## ACTION ITEM
Every line below between the one holding "g^**(s) <= C M g(t)/phi(s)" and the one holding "to it is the", inclusive, should be copied exactly, and no other line.

## INPUT MATERIAL
(* Let $f=1-xy$, $g=1-xy^2$, $h=1-y$ in $\mathbb{Z}[x,y]$. There exist polynomials $\xi_m\in\mathbb{Z}[x,y]$ for all integers $m\geq1$ such that (1) (a) $\xi_1=g$; (b) $\xi_{m+1}=f\xi_m+x^mh^{m+1}$; (c) $\xi_{m+1}=xh\xi_m+f^{m+1}$; (2) $\xi_m$ vanishes to order $m$ at $t_0=(1,1)$; (3) the Newton polygon of $\xi_m$ is the triangle with vertices $(0,0)$, $(m-1,0)$, $(m,m+1)$; (4) $\xi_m$ is irreducible in $K[x,y]$ for every field $K$.
   Context: The Newton polygon of a polynomial is the convex hull of the exponent vectors of the monomials appearing with nonzero coefficient. *)

(* bivariate polynomials via multinomials' {mpoly R[2]}.
   Variable 'X_0 is x, variable 'X_1 is y; a monomial m : 'X_{1..2}
   has exponent vector (m 0, m 1). *)
From HB Require Import structures.
From mathcomp Require Import all_boot all_order all_algebra.
From mathcomp Require Export mpoly.
Set Implicit Arguments. Unset Strict Implicit. Unset Printing Implicit Defensive.
Import Order.TTheory GRing.Theory Num.Theory.
Local Open Scope ring_scope.

Definition i0 : 'I_2 := @Ordinal 2 0 isT.
Definition i1 : 'I_2 := @Ordinal 2 1 isT.

Definition xvar {R : nzRingType} : {mpoly R[2]} := 'X_i0.
Definition yvar {R : nzRingType} : {mpoly R[2]} := 'X_i1.

Definition expvec (m : 'X_{1..2}) : rat * rat := ((m i0)%:R, (m i1)%:R).

Definition in_conv (S : seq (rat * rat)) (p : rat * rat) : Prop :=
  exists lam : 'I_(size S) -> rat,
    (forall i, 0 <= lam i) /\ \sum_i lam i = 1 /\
    p.1 = \sum_i lam i * (nth (0,0) S i).1 /\
    p.2 = \sum_i lam i * (nth (0,0) S i).2.

Definition newton_polygon {R : nzRingType} (p : {mpoly R[2]}) : rat * rat -> Prop :=
  in_conv [seq expvec m | m <- msupp p].

Definition shift_at {R : comNzRingType} (a b : R) (p : {mpoly R[2]}) : {mpoly R[2]} :=
  p \mPo [tuple 'X_i0 + a%:MP; 'X_i1 + b%:MP].

Definition vanishes_to_order {R : comNzRingType} (p : {mpoly R[2]}) (a b : R) (k : nat) : Prop :=
  (forall m, m \in msupp (shift_at a b p) -> (k <= mdeg m)%N) /\
  (exists2 m, m \in msupp (shift_at a b p) & mdeg m = k).

Definition irreducible_elt {R : idomainType} (p : R) : Prop :=
  p != 0 /\ p \isn't a GRing.unit /\
  forall a b : R, p = a * b -> a \is a GRing.unit \/ b \is a GRing.unit.

Definition to_field (K : fieldType) (p : {mpoly int[2]}) : {mpoly K[2]} :=
  map_mpoly (fun z : int => z%:~R) p.

From mathcomp Require Import all_boot all_order all_algebra.
From mathcomp Require Import mpoly ring lra zify.
Lemma bessel_term_bound j m z :
  Rabs (bessel_term j (INR j * z) m) <= (3 * Rabs z) ^ (2 * m + j).
Proof.
  set (N := (2 * m + j)%nat).
  pose proof (INR_fact_pos m). pose proof (INR_fact_pos (m + j)).
  assert (HD : 0 < INR (fact m) * INR (fact (m + j))) by (apply Rmult_lt_0_compat; lra).
  assert (Hcoef : (INR j / 2) ^ N <= 3 ^ N * (INR (fact m) * INR (fact (m + j)))).
  { assert (Hpow : (INR j / 2) ^ N * 2 ^ N = INR j ^ N)
      by (rewrite <- Rpow_mult_distr; f_equal; field).
    pose proof (pow_self_le_fact N).
    pose proof (fact_add_le m (m + j)) as Hf. replace (m + (m + j))%nat with N in Hf by lia.
    assert (INR j ^ N <= INR N ^ N) by (apply pow_incr; split; [apply pos_INR|apply le_INR; lia]).
    pose proof (pow_lt 2 N ltac:(lra)). pose proof (pow_le 3 N ltac:(lra)).
    assert (INR (fact N) * 3 ^ N <= 2 ^ N * (INR (fact m) * INR (fact (m + j))) * 3 ^ N)
      by (apply Rmult_le_compat_r; lra).
    nra. }
  replace (bessel_term j (INR j * z) m)
    with ((-1) ^ m * ((INR j / 2) ^ N / (INR (fact m) * INR (fact (m + j)))) * z ^ N)
    by (unfold bessel_term; fold N; replace (INR j * z / 2) with (INR j / 2 * z) by field;
        rewrite Rpow_mult_distr; field; lra).
  rewrite !Rabs_mult, pow_1_abs, Rmult_1_l, <- RPow_abs, Rpow_mult_distr.
  apply Rmult_le_compat_r; [apply pow_le, Rabs_pos|].
  rewrite Rabs_pos_eq.
  - apply Rle_div_l; lra.
  - apply Rdiv_le_0_compat; [apply pow_le, Rdiv_le_0_compat; [apply pos_INR|lra]|exact HD].
Qed.
(* Let $0<R\le\infty$ and let $\varphi$ be a quasiconcave function on $[0,R)$. Then: (i) there is $C>0$ such that $(S_\varphi f)^{**}(t)\le C\,S_\varphi(f^{**})(t)$ for all measurable $f$ on $(0,R)$ and all $t\in(0,R)$ if and only if $\varphi$ satisfies the $B$-condition; (ii) there is $C>0$ such that $S_\varphi(f^{**})(t)\le C\,S_\varphi f(t)$ for all measurable $f$ on $(0,R)$ and all $t\in(0,R)$ if and only if $\varphi$ satisfies the $B$-condition.
   Context: For a measurable a.e. finite function $f$ on $(0,R)$, $f^*$ is its non-increasing rearrangement, $f^*(t)=\inf\{\lambda>0: |\{x:|f(x)|>\lambda\}|\le t\}$, and $f^{**}(t)=\frac1t\int_0^t f^*(s)\,ds$. A function $\varphi\colon[0,R)\to[0,\infty)$ is quasiconcave if $\varphi(t)=0$ iff $t=0$, $\varphi$ is non-decreasing, and $\varphi(t)/t$ is non-increasing on $(0,R)$. It satisfies the $B$-condition if there is $C>0$ with $\frac1t\int_0^t \frac{ds}{\varphi(s)}\le \frac{C}{\varphi(t)}$ for all $t\in(0,R)$. $S_\varphi f(t)=\frac{1}{\varphi(t)}\sup_{0<s<t}\varphi(s)f^*(s)$, $t\in(0,R)$; $S_\varphi(f^{**})$ is $S_\varphi$ applied to the function $f^{**}$. *)

From mathcomp Require Import all_boot all_order all_algebra.
From mathcomp Require Import all_classical all_reals all_analysis measurable_realfun.
Import Order.TTheory GRing.Theory Num.Theory.

Set Implicit Arguments.
Unset Strict Implicit.
Unset Printing Implicit Defensive.

Local Open Scope classical_set_scope.
Local Open Scope ring_scope.
Local Open Scope ereal_scope.

Section Defs.
Variable R : realType.

Definition dom (Rb : \bar R) : set R := [set x : R | (0 < x)%R /\ x%:E < Rb].

Definition distrib (Rb : \bar R) (g : R -> \bar R) (lam : R) : \bar R :=
  (@lebesgue_measure R) (dom Rb `&` [set x | lam%:E < `|g x|]).

Definition rearr (Rb : \bar R) (g : R -> \bar R) (t : R) : \bar R :=
  ereal_inf [set lam%:E | lam in [set lam : R | (0 < lam)%R /\ distrib Rb g lam <= t%:E]].

Definition dstar (Rb : \bar R) (g : R -> \bar R) (t : R) : \bar R :=
  (t^-1)%:E * \int[@lebesgue_measure R]_(s in `]0%R, t[) rearr Rb g s.

Definition Sphi (Rb : \bar R) (phi : R -> R) (g : R -> \bar R) (t : R) : \bar R :=
  ((phi t)^-1)%:E * ereal_sup [set (phi s)%:E * rearr Rb g s | s in `]0%R, t[].

Definition quasiconcave (Rb : \bar R) (phi : R -> R) : Prop :=
  [/\ (forall t : R, (0 <= t)%R -> t%:E < Rb -> (phi t = 0%R <-> t = 0%R)),
      (forall t : R, (0 <= t)%R -> t%:E < Rb -> (0 <= phi t)%R),
      (forall s t : R, (0 <= s)%R -> (s <= t)%R -> t%:E < Rb -> (phi s <= phi t)%R) &
      (forall s t : R, (0 < s)%R -> (s <= t)%R -> t%:E < Rb -> (phi t / t <= phi s / s)%R)].

Definition Bcond (Rb : \bar R) (phi : R -> R) : Prop :=
  exists C : R, (0 < C)%R /\ forall t : R, dom Rb t ->
    (t^-1)%:E * \int[@lebesgue_measure R]_(s in `]0%R, t[) ((phi s)^-1)%:E
      <= (C / phi t)%:E.

Definition admissible (Rb : \bar R) (f : R -> \bar R) : Prop :=
  measurable_fun (dom Rb) f /\
  {ae @lebesgue_measure R, forall x, dom Rb x -> f x \is a fin_num}.

End Defs.

From mathcomp Require Import all_boot all_order all_algebra.
From mathcomp Require Import all_classical all_reals all_analysis measurable_realfun.
From mathcomp Require Import ring.
Import Order.TTheory GRing.Theory Num.Theory.
Local Open Scope classical_set_scope.
Local Open Scope ring_scope.
Local Open Scope ereal_scope.

(* Write S_phi g = M g / phi with M g t = sup_{0<s<t} phi(s) g^*(s) (this is [Mphi]).
   As phi is nondecreasing and phi(t)/t nonincreasing, S_phi g and g^** are nonincreasing
   while t S_phi g(t) and t g^**(t) are nondecreasing, and such functions are their own
   rearrangements.  Hence (S_phi g)^* and g^* are at most M g(t)/phi on (0,t), and
   averaging 1/phi with the B-condition gives (S_phi g)^**(t) <= C M g(t)/phi(t) and
   g^**(s) <= C M g(t)/phi(s) for s < t.  This is (ii), and also (i) because
   S_phi g <= S_phi g^**; the constant is the one of the B-condition.
   Conversely, 1/phi is its own rearrangement with S_phi (1/phi) <= 1/phi, so (ii) applied
   to it is the B-condition.  For (i), the indicator chi of (0,a) has
   S_phi chi^** <= phi(a)/phi and S_phi chi >= phi(a)/phi on [a,R), which bounds
   int_a^t 1/phi by C t/phi(t) uniformly in a; let a -> 0 by monotone convergence. *)

Section lebesgue_measure_facts.
Context {R : realType}.
Local Notation mu := (@lebesgue_measure R).

Lemma le_lebesgue_measure (A B : set R) : A `<=` B -> mu A <= mu B.
Proof.
move=> AB; rewrite /lebesgue_measure /lebesgue_stieltjes_measure /measure_extension.
exact: le_outer_measure.
Qed.

Lemma lebesgue_measure_itv_bnd_bnd (a b : R) (x y : bool) : (a <= b)%R ->
  mu [set` Interval (BSide x a) (BSide y b)] = (b - a)%:E.
Proof.
move=> ab; rewrite lebesgue_measure_itv /=.
case: ltP => [_|ba]; first by rewrite -EFinD.
suff -> : b = a by rewrite subrr.
by apply/le_anti; rewrite ab andbT -lee_fin.
Qed.

Lemma nonincreasing_measurable_in (D : set R) (f : R -> \bar R) : is_interval D ->
  (forall x y, D x -> D y -> (x <= y)%R -> f y <= f x) -> measurable_fun D f.
Proof.
move=> iD fni mD.
apply: (measurability _ (ErealGenOInfty.measurableE R)) => //.
move=> /= _ [_ [r ->]] <-; apply: is_interval_measurable.
move=> x y [Dx fx] [Dy fy] z /andP[xz zy].
have Dz : D z by apply: (iD x y) => //; rewrite xz zy.
split => //=; rewrite /= in_itv /= andbT in fy *.
by rewrite in_itv /= andbT; apply: (lt_le_trans fy); apply: fni.
Qed.

Lemma ge0_integral_itv_oo_ub (f : R -> \bar R) (t : R) (B : \bar R) : (0 < t)%R ->
  measurable_fun `]0%R, t[ f -> (forall x, `]0%R, t[%classic x -> 0 <= f x) ->
  (forall a, (0 < a)%R -> (a < t)%R -> \int[mu]_(x in `[a, t[) f x <= B) ->
  \int[mu]_(x in `]0%R, t[) f x <= B.
Proof.
move=> t0 mf f0 fB; pose F n := `[(t / n.+2%:R)%R, t[%classic.
have Fp n : (0 < t / n.+2%:R)%R by rewrite divr_gt0 // ltr0n.
have Ft n : (t / n.+2%:R < t)%R by rewrite ltr_pdivrMr ?ltr0n // ltr_pMr // ltr1n.
have sub n : F n `<=` `]0%R, t[%classic by apply: subset_itvr; rewrite bnd_simp.
have nd : {homo F : n m / (n <= m)%N >-> (n <= m)%O}.
  move=> n m nm; rewrite subsetEset; apply: subset_itvr; rewrite bnd_simp.
  by rewrite ler_wpM2l ?(ltW t0) // lef_pV2 ?posrE ?ltr0n // ler_nat ltnS ltnS.
have UF : \bigcup_n F n = `]0%R, t[%classic.
  apply/seteqP; split; first by move=> u [n _ /sub].
  move=> u; rewrite /= in_itv /= => /andP[u0 ut].
  exists (Num.truncn (t / u)) => //; rewrite /F /= in_itv /= ut andbT.
  rewrite ler_pdivrMr ?ltr0n // mulrC -ler_pdivrMr //.
  by apply: le_trans (ltW (truncnS_gt _)) _; rewrite ler_nat.
have := @ge0_nondecreasing_set_cvg_integral _ (measurableTypeR R) _ F f mu nd
  (fun n => measurable_itv _) (fun n => measurable_funS (measurable_itv _) (sub n) mf)
  (fun n x Fx => f0 x (sub n x Fx)).
rewrite UF => cvgF; rewrite -(cvg_lim (@ereal_hausdorff R) cvgF).
by apply: lime_le; [exact: cvgP cvgF | apply: nearW => n; exact: fB].
Qed.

## EXERCISE SOLUTION
   g^**(s) <= C M g(t)/phi(s) for s < t.  This is (ii), and also (i) because
   S_phi g <= S_phi g^**; the constant is the one of the B-condition.
   Conversely, 1/phi is its own rearrangement with S_phi (1/phi) <= 1/phi, so (ii) applied
   to it is the B-condition.  For (i), the indicator chi of (0,a) has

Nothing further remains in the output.